Theorem mainTheorem2 (F : finFieldType) (n : nat) (T : trellis F n)
  (Hn : (0 < n)%N)
  (Hlin : linear_trellis T) (Htrim : trim_trellis T) (Hred : reduced_trellis T) :
  (forall B : tspan n -> seq (ambient T),
    (forall s : tspan n,
       quotient_basis (span_subcode T s) (span_subcode_lt T s) (B s)) ->
    let BB := flatten [seq B s | s <- enum {: tspan n}] in
    basis_of (cycle_code T) BB /\
    forall s : tspan n,
      (<<[seq b <- BB | b \in span_subcode T s]>> = span_subcode T s)%VS)
  /\
  (exists X : seq (ambient T),
    basis_of (cycle_code T) X /\
    forall s : tspan n,
      (<<[seq b <- X | b \in span_subcode T s]>> = span_subcode T s)%VS).
Proof.
split=> [B B_qbasis | ].
  by split; [apply: basis_of_product_basis | apply: span_product_basis].
pose B s := vbasis (span_subcode T s :\: span_subcode_lt T s) : seq (ambient T).
have B_qbasis s : quotient_basis (span_subcode T s) (span_subcode_lt T s) (B s).
  exact: quotient_basis_vbasis.
exists (flatten [seq B s | s <- enum {: tspan n}]).
by split; [apply: basis_of_product_basis | apply: span_product_basis].
Qed.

* * * * * * * * *

## DIRECTIONS FOR THIS TASK
Reproduce the listing above line for line, exactly.

## EXERCISE SOLUTION
Theorem mainTheorem2 (F : finFieldType) (n : nat) (T : trellis F n)
  (Hn : (0 < n)%N)
  (Hlin : linear_trellis T) (Htrim : trim_trellis T) (Hred : reduced_trellis T) :
  (forall B : tspan n -> seq (ambient T),
    (forall s : tspan n,
       quotient_basis (span_subcode T s) (span_subcode_lt T s) (B s)) ->
    let BB := flatten [seq B s | s <- enum {: tspan n}] in
    basis_of (cycle_code T) BB /\
    forall s : tspan n,
      (<<[seq b <- BB | b \in span_subcode T s]>> = span_subcode T s)%VS)
  /\
  (exists X : seq (ambient T),
    basis_of (cycle_code T) X /\
    forall s : tspan n,
      (<<[seq b <- X | b \in span_subcode T s]>> = span_subcode T s)%VS).
Proof.
split=> [B B_qbasis | ].
  by split; [apply: basis_of_product_basis | apply: span_product_basis].
pose B s := vbasis (span_subcode T s :\: span_subcode_lt T s) : seq (ambient T).
have B_qbasis s : quotient_basis (span_subcode T s) (span_subcode_lt T s) (B s).
  exact: quotient_basis_vbasis.
exists (flatten [seq B s | s <- enum {: tspan n}]).
by split; [apply: basis_of_product_basis | apply: span_product_basis].
Qed.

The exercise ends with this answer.